RECORD EXTRACTS –
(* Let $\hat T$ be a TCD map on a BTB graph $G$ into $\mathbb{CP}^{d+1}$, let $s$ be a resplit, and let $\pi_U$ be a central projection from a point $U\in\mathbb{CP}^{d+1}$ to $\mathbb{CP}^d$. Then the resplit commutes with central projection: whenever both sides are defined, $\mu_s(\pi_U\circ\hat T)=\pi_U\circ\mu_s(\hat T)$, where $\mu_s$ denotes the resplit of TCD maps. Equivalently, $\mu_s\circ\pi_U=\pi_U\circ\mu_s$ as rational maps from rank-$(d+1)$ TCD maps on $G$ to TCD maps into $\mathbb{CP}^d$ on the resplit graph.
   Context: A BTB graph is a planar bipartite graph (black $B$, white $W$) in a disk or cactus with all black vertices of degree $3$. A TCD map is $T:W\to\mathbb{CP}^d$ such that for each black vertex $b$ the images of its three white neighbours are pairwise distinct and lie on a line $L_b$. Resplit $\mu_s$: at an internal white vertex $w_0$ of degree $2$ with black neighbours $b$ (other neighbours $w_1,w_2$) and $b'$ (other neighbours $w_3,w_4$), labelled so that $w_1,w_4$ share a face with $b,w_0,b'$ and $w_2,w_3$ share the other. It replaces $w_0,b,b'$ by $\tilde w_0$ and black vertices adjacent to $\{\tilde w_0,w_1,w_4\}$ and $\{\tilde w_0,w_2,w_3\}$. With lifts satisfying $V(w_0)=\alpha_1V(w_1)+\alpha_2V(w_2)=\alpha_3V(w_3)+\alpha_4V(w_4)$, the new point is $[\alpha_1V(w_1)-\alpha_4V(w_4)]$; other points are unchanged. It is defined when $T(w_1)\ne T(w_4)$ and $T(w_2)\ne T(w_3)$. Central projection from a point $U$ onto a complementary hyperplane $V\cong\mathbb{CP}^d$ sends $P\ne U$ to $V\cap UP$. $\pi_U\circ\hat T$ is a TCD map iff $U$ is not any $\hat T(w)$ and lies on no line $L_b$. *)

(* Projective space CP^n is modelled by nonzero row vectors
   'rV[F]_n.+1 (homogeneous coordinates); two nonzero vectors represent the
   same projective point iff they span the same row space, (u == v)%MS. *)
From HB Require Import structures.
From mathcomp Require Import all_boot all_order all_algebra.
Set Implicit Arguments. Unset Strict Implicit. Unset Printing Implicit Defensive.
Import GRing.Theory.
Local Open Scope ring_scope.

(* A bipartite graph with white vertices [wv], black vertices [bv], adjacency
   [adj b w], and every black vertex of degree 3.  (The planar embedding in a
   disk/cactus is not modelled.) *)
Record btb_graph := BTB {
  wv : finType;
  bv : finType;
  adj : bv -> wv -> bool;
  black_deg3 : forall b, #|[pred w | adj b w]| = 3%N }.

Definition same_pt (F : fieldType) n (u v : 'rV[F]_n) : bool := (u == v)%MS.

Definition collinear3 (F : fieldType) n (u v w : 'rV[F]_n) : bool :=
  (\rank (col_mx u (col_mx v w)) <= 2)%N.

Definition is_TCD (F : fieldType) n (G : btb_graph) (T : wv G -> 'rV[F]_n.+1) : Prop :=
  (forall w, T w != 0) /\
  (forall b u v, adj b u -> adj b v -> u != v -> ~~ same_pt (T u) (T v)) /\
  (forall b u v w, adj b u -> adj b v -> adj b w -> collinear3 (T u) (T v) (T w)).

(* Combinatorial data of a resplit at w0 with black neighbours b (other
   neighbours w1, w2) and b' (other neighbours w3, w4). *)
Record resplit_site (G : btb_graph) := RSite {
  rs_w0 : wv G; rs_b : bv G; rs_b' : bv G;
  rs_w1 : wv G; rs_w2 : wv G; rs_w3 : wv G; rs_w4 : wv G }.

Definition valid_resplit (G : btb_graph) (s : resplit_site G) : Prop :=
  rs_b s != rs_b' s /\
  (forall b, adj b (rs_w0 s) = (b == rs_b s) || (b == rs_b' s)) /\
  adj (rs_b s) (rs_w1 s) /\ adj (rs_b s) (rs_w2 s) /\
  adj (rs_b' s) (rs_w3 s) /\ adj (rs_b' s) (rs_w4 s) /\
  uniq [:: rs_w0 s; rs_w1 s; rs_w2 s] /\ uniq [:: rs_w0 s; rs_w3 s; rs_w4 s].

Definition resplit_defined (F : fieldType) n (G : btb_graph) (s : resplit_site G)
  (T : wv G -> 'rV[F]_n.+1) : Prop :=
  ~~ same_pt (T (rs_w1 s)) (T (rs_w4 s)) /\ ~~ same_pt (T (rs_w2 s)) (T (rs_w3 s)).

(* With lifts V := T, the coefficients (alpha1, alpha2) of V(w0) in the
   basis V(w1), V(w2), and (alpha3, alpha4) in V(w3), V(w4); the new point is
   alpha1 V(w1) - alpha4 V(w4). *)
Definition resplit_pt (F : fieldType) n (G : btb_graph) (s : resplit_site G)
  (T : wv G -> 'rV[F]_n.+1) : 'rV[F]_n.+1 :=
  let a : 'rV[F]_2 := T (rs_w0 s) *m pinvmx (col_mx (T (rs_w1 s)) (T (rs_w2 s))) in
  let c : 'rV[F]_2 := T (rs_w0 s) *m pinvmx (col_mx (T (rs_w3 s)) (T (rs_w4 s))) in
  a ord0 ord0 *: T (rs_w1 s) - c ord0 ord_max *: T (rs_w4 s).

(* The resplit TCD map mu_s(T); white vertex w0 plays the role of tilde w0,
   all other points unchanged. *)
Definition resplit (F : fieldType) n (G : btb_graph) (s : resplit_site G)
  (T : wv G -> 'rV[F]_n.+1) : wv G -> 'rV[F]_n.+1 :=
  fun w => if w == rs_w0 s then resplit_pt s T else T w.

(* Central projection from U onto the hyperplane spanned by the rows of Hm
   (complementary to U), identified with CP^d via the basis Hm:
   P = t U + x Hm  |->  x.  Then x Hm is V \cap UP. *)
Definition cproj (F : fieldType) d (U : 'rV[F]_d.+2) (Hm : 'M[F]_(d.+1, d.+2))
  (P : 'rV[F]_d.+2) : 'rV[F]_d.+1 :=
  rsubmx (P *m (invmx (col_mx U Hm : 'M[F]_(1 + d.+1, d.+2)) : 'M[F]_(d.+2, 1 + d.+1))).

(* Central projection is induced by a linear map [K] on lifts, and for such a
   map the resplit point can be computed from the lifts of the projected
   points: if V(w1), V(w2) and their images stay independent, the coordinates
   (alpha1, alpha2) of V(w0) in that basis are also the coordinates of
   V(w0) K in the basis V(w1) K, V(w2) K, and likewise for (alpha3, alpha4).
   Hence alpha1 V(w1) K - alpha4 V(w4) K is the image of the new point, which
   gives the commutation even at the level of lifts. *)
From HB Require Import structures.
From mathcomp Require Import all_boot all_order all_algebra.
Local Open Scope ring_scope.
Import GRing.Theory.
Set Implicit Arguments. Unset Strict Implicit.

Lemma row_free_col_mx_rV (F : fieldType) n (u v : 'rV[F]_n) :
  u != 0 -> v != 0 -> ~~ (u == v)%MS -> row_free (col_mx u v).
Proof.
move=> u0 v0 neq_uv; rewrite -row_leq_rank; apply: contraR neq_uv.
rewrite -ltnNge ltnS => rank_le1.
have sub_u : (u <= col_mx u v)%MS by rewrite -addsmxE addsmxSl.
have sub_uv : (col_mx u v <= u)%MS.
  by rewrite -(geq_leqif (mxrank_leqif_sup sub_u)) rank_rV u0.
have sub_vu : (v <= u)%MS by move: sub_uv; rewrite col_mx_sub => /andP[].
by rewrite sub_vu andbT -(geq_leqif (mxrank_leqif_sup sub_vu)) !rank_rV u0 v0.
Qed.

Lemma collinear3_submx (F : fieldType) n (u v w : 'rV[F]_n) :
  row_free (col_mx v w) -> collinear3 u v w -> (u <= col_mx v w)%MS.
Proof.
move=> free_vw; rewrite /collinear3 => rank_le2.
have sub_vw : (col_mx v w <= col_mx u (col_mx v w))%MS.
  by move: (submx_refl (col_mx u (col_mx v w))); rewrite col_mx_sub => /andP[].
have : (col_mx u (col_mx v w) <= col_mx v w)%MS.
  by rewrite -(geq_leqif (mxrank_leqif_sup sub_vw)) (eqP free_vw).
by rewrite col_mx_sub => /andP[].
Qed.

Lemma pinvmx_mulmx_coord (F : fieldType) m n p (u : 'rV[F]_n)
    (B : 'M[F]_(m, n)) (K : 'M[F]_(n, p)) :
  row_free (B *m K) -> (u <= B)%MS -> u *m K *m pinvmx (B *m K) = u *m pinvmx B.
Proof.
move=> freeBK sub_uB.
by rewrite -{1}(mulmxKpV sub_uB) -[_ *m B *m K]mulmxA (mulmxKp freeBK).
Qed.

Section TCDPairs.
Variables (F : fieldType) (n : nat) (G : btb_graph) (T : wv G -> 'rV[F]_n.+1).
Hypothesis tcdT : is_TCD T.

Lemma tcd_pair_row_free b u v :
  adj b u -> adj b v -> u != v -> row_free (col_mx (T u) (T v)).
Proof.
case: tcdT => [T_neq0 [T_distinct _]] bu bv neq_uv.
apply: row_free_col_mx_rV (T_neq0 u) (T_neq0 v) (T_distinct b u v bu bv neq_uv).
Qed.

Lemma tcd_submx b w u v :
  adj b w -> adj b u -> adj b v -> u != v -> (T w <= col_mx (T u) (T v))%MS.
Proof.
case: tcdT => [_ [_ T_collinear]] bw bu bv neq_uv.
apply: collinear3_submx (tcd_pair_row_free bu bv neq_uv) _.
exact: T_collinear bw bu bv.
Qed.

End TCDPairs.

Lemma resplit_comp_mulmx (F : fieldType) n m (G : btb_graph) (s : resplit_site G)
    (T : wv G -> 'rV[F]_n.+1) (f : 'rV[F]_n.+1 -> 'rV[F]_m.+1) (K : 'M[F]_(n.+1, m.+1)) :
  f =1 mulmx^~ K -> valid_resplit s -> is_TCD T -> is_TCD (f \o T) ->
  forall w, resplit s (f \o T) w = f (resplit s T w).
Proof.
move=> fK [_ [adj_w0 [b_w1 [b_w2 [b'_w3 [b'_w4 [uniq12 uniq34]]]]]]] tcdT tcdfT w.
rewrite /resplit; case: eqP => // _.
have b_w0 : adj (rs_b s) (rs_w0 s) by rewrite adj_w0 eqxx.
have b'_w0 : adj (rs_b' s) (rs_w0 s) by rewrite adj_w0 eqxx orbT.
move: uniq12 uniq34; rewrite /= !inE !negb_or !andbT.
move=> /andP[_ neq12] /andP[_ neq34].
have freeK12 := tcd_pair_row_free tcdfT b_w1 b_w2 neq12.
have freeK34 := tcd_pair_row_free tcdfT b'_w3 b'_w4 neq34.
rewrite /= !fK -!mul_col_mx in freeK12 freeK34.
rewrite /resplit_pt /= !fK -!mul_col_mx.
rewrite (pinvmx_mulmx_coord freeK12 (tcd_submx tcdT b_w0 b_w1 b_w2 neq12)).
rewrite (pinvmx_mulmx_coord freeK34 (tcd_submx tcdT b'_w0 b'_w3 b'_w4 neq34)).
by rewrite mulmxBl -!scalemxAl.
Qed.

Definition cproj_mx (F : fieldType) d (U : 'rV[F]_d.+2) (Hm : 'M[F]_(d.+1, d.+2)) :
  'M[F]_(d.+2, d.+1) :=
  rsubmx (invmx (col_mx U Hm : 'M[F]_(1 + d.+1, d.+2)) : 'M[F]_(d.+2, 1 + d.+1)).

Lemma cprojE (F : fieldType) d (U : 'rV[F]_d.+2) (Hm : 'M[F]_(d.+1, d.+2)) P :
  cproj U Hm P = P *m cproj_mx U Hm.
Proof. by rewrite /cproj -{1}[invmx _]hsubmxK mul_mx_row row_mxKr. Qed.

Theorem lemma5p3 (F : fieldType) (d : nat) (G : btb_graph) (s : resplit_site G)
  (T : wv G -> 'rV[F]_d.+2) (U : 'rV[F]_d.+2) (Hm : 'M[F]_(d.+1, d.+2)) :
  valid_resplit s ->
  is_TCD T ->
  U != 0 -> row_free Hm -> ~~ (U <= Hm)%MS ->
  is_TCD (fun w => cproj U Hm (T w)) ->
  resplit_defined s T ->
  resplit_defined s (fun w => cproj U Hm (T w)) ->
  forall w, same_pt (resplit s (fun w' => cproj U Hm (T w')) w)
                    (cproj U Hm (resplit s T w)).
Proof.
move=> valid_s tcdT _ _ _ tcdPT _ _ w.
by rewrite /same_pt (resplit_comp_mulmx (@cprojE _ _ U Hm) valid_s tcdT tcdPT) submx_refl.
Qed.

EXERCISE DESCRIPTION – Go through the data, and copy each line in which the word "modelled" appears.

OUTPUT BELOW –
(* Projective space CP^n is modelled by nonzero row vectors
   disk/cactus is not modelled.) *)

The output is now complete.